В речи героини «Узкого пролива» соединены феминистские мотивы — в традиционном контексте они выглядят ее субъективным вымышленным рассказом — и «факты жизни» (неудачный брак, жестокий и властный муж, который ее бросил и из-за которого она теперь не имеет детей и т.д.), своего рода рассказ «исторический». Финал фильма, когда влюбленный мальчик, вовлеченный в повествование, ставший свидетелем и соучастником истории, видит, что героиню встречают заботливый муж и ребенок, может показаться простой перипетией, но функция его оказывается более сложной.

Подобный сюжетный поворот в кино и вправду не нов. Во многих картинах используется прием «разоблачения сна», особо любимый Бунюэлем, а «Женщина в окне» Ланга построена на нем целиком. Другой пример введения дополнительного ложного повествования — структура «фильм в фильме», позволяющая включить эпизоды, фальсифицирующие главное повествование. Однако интереснее всего сравнить «Узкий пролив» с американской картиной «Обычные подозреваемые» (режиссер Брайан Сингер), где в финале также разоблачается рассказываемая история, но с той разницей, что всю эту историю зритель видел, то есть был непосредственным зрителем вымысла. Несомненно, что финальный сюжетный поворот оказывается в этом случае более эффектным, но как раз из-за дублирования изображением речи теряется различие, принципиальное для Брейа, — между фабулой и повествованием.

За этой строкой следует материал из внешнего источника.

(* Let $F,G$ be completely multiplicative functions and $s=x+iy$ with $x,y\in\mathbb{R}$ such that $D(F,s)$ and $D(G,\overline{s})$ converge absolutely. Then \[D(F,s)\,D(G,\overline{s})=D(F\times G,2x)\,D\big(F_{y}\,\square\,G_{-y},\,x\big),\] where $F_y(n)=F(n)n^{-iy}$ and $G_{-y}(n)=G(n)n^{iy}$.
   Context: A completely multiplicative function is $F:\mathbb{N}^\star\to\mathbb{C}$ with $F(1)=1$ and $F(ab)=F(a)F(b)$ for all $a,b$. $D(F,s)=\sum_{n\ge1}F(n)n^{-s}$; $n^{it}=e^{it\ln n}$. $(F\times G)(n)=F(n)G(n)$, and $(F\,\square\,G)(m)=\sum_{ab=m,\ \gcd(a,b)=1}F(a)G(b)$ (unitary convolution). *)

From Stdlib Require Import Reals Lra Lia Arith List.
Open Scope R_scope.

Definition Cplx := (R * R)%type.
Definition Cmk (a b : R) : Cplx := (a, b).
Definition Cre (z : Cplx) : R := fst z.
Definition Cim (z : Cplx) : R := snd z.
Definition C0 : Cplx := (0, 0).
Definition C1 : Cplx := (1, 0).
Definition Cadd (z w : Cplx) : Cplx := (Cre z + Cre w, Cim z + Cim w).
Definition Cmul (z w : Cplx) : Cplx :=
  (Cre z * Cre w - Cim z * Cim w, Cre z * Cim w + Cim z * Cre w).
Definition Cconj (z : Cplx) : Cplx := (Cre z, - Cim z).
Definition Cnorm (z : Cplx) : R := sqrt (Cre z * Cre z + Cim z * Cim z).

(* n^{-s} = exp(-s ln n) = n^{-x} (cos(y ln n) - i sin(y ln n)) for s = x+iy, n >= 1. *)
Definition npow_neg (n : nat) (s : Cplx) : Cplx :=
  (Rpower (INR n) (- Cre s) * cos (Cim s * ln (INR n)),
   - (Rpower (INR n) (- Cre s) * sin (Cim s * ln (INR n)))).

(* Arithmetic functions N* -> Cplx (the value at 0 is irrelevant). *)
Definition arith := nat -> Cplx.

Definition completely_multiplicative (F : arith) : Prop :=
  F 1%nat = C1 /\
  forall a b : nat, (1 <= a)%nat -> (1 <= b)%nat -> F (a * b)%nat = Cmul (F a) (F b).

Definition pmul (F G : arith) : arith := fun n => Cmul (F n) (G n).

(* Unitary convolution: (F □ G)(m) = sum_{ab=m, gcd(a,b)=1} F(a) G(b). *)
Definition uconv (F G : arith) : arith := fun m =>
  fold_right Cadd C0
    (map (fun a => Cmul (F a) (G (m / a)%nat))
       (filter (fun a => (Nat.eqb (m mod a) 0 && Nat.eqb (Nat.gcd a (m / a)) 1)%bool)
          (seq 1 m))).

Definition twist (F : arith) (y : R) : arith :=
  fun n => Cmul (F n) (npow_neg n (0, y)).

(* n-th term (n >= 1) of the Dirichlet series, reindexed from 0. *)
Definition Dterm (F : arith) (s : Cplx) (k : nat) : Cplx := Cmul (F (S k)) (npow_neg (S k) s).

Definition D_has_sum (F : arith) (s : Cplx) (l : Cplx) : Prop :=
  Un_cv (fun N => sum_f_R0 (fun k => Cre (Dterm F s k)) N) (Cre l) /\
  Un_cv (fun N => sum_f_R0 (fun k => Cim (Dterm F s k)) N) (Cim l).

Definition D_abs_conv (F : arith) (s : Cplx) : Prop :=
  exists L : R, Un_cv (fun N => sum_f_R0 (fun k => Cnorm (Dterm F s k)) N) L.

From Pilot Require Import Defs.
From Stdlib Require Import Reals.
From mathcomp Require Import all_boot all_order all_algebra.
From mathcomp Require Import Rstruct.
From mathcomp.real_closed Require Import complex.
Set Implicit Arguments. Unset Strict Implicit. Unset Printing Implicit Defensive.
Import Order.TTheory GRing.Theory Num.Theory Normc.
Local Open Scope nat_scope.

(* Put f n = F(n) n^{-s} and g n = G(n) n^{-conj s}.  Both are completely multiplicative,
   f n * g n is the n-th term of D(F x G, 2x), and the unitary convolution of f and g at k
   is the k-th term of D(F_y □ G_{-y}, x).  Every pair (n, m) is uniquely (d a, d b) with
   d = gcd(n, m) and a, b coprime, and then f(n) g(m) = f(d) g(d) f(a) g(b).  Hence the
   product of the N-th partial sums of the two new series is the sum of f(n) g(m) over the
   pairs with gcd(n, m) <= N and nm / gcd(n, m)^2 <= N, a region squeezed between the
   squares [1, K]^2 (K^2 <= N) and [1, N^2]^2.  The same identity for |f|, |g| shows that
   both new series converge absolutely, and it bounds the distance between that product and
   the product of the K-th partial sums of D(F, s) and D(G, conj s) by a tail of
   (sum |f|) (sum |g|), which tends to 0. *)

Lemma leq_square n : n <= n * n.
Proof. by case: n => // n; rewrite leq_pmulr. Qed.

Definition unitary_divisor (k a : nat) : bool := (a %| k) && coprime a (k %/ a).

Definition unitary_triple_count (N n m : nat) : nat :=
  \sum_(1 <= d < N.+1) \sum_(1 <= k < N.+1) \sum_(1 <= a < k.+1 | unitary_divisor k a)
     ((d * a == n) && (d * (k %/ a) == m)).

Lemma unitary_triple_eq (n m d k a : nat) : 0 < n -> 0 < d -> 0 < a ->
  unitary_divisor k a ->
  (d * a == n) && (d * (k %/ a) == m) =
  [&& d == gcdn n m, k == n %/ gcdn n m * (m %/ gcdn n m) & a == n %/ gcdn n m].
Proof.
move=> n0 d0 a0 /andP[ak cop]; apply/idP/idP.
  move=> /andP[/eqP<- /eqP<-].
  by rewrite -muln_gcdr (eqP cop) muln1 !mulKn // mulnC divnK // !eqxx.
move=> /and3P[/eqP-> /eqP-> /eqP->].
have n_gt0 : 0 < n %/ gcdn n m by rewrite divn_gt0 ?gcdn_gt0 ?n0 // dvdn_leq // dvdn_gcdl.
by rewrite mulKn // !(mulnC (gcdn n m)) !divnK ?dvdn_gcdl ?dvdn_gcdr ?eqxx.
Qed.

Lemma sum_nat_pick m n i (P : pred nat) (F : nat -> nat) :
  \sum_(m <= j < n | P j) (j == i) * F j = if (m <= i < n) && P i then F i else 0.
Proof.
by under eq_bigr do rewrite mulnbl; rewrite -big_mkcondr big_nat1_cond_eq.
Qed.

Lemma unitary_triple_countE N n m : 0 < n -> 0 < m ->
  unitary_triple_count N n m =
  (gcdn n m <= N) && (n %/ gcdn n m * (m %/ gcdn n m) <= N).
Proof.
move=> n0 m0; set g := gcdn n m; set a0 := n %/ g; set k0 := a0 * (m %/ g).
have g0 : 0 < g by rewrite gcdn_gt0 n0.
have a0_gt0 : 0 < a0 by rewrite divn_gt0 // dvdn_leq // dvdn_gcdl.
have k0_gt0 : 0 < k0 by rewrite muln_gt0 a0_gt0 divn_gt0 // dvdn_leq // dvdn_gcdr.
have a0_le_k0 : a0 <= k0 by rewrite dvdn_leq // dvdn_mulr.
have a0_unitary : unitary_divisor k0 a0.
  rewrite /unitary_divisor dvdn_mulr //= mulKn // /coprime -(eqn_pmul2l g0).
  by rewrite muln_gcdr muln1 !(mulnC g) /a0 !divnK ?dvdn_gcdl ?dvdn_gcdr.
transitivity (\sum_(1 <= d < N.+1) (d == g) * \sum_(1 <= k < N.+1) (k == k0) *
                \sum_(1 <= a < k.+1 | unitary_divisor k a) (a == a0) * 1).
  apply: eq_big_nat => d /andP[d0 _]; rewrite big_distrr; apply: eq_big_nat => k _.
  rewrite !big_distrr big_nat_cond [RHS]big_nat_cond.
  apply: eq_bigr => a /andP[/andP[a_gt0 _] ak].
  by rewrite unitary_triple_eq // muln1 /= !mulnb.
rewrite sum_nat_pick /= g0 sum_nat_pick /= k0_gt0 sum_nat_pick /= a0_gt0 !andbT !ltnS.
by rewrite a0_le_k0 a0_unitary; case: (g <= N); case: (k0 <= N).
Qed.

Lemma unitary_triple_count_le1 N n m : 0 < n -> 0 < m -> unitary_triple_count N n m <= 1.
Proof. by move=> n0 m0; rewrite unitary_triple_countE // leq_b1. Qed.

Lemma unitary_triple_count_square N K n m : 0 < n <= K -> 0 < m <= K -> K * K <= N ->
  unitary_triple_count N n m = 1.
Proof.
move=> /andP[n0 nK] /andP[m0 mK] KN; rewrite unitary_triple_countE //.
have nmN : n * m <= N by apply: leq_trans (leq_mul nK mK) KN.
have nN : n <= N by apply: leq_trans nmN; rewrite leq_pmulr.
rewrite (leq_trans (dvdn_leq n0 (dvdn_gcdl n m))) //.
by rewrite (leq_trans _ nmN) // leq_mul // leq_div.
Qed.

Section FiniteSums.
Local Open Scope ring_scope.

Definition completely_mult (V : pzSemiRingType) (f : nat -> V) : Prop :=
  forall m n, (0 < m)%N -> (0 < n)%N -> f (m * n)%N = f m * f n.

Definition partial_sum (V : nmodType) (u : nat -> V) (N : nat) : V :=
  \sum_(1 <= n < N.+1) u n.

Definition unitary_conv (V : pzSemiRingType) (f g : nat -> V) (k : nat) : V :=
  \sum_(1 <= a < k.+1 | unitary_divisor k a) f a * g (k %/ a)%N.

Lemma sumr_nat_pick (V : pzSemiRingType) (m0 L u : nat) (F : nat -> V) :
  (m0 <= u < L)%N -> \sum_(m0 <= n < L) (u == n)%:R * F n = F u.
Proof.
move=> uL; under eq_bigr do rewrite mulr_natl mulrb eq_sym.
by rewrite -big_mkcond big_nat1_eq uL.
Qed.

Lemma sumr_nat_pick2 (V : pzSemiRingType) (L u v : nat) (h : nat -> nat -> V) :
  (0 < u < L)%N -> (0 < v < L)%N ->
  \sum_(1 <= n < L) \sum_(1 <= m < L) ((u == n) && (v == m))%:R * h n m = h u v.
Proof.
move=> uL vL; under eq_bigr => n _ do under eq_bigr => m _ do rewrite -mulnb natrM -mulrA.
by under eq_bigr => n _ do rewrite -big_distrr /= sumr_nat_pick //; rewrite sumr_nat_pick.
Qed.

В американском фильме они совмещены, что делает вымысел всего лишь трюком, лишая его того самостоятельного значения, которое позволяет ощутить присутствие неизобразимого в кинообразе. Финал «Узкого пролива» выводит вымысел на первый план, подобно тому как на первом плане в фильме располагается речь, а не изображение. Это еще более подчеркивает единственный эпизод картины, когда женщина умолкает. Герои сидят за столом в баре, камера фиксирует их молчание, зритель ждет продолжения рассказа, а на заднем плане вне фокуса дает представление иллюзионист. Повествование в кино столь же аттрактивно, как и цирковое представление. Финал демонстрирует не только то, как разрушается идентификация, сформированная рассказом, но прежде всего то, как расходятся представление и образ, а весь рассказ оказывается частью иного образа, кинематографического, в котором вымысел обладает большей самостоятельностью, чем видимое и воображаемое.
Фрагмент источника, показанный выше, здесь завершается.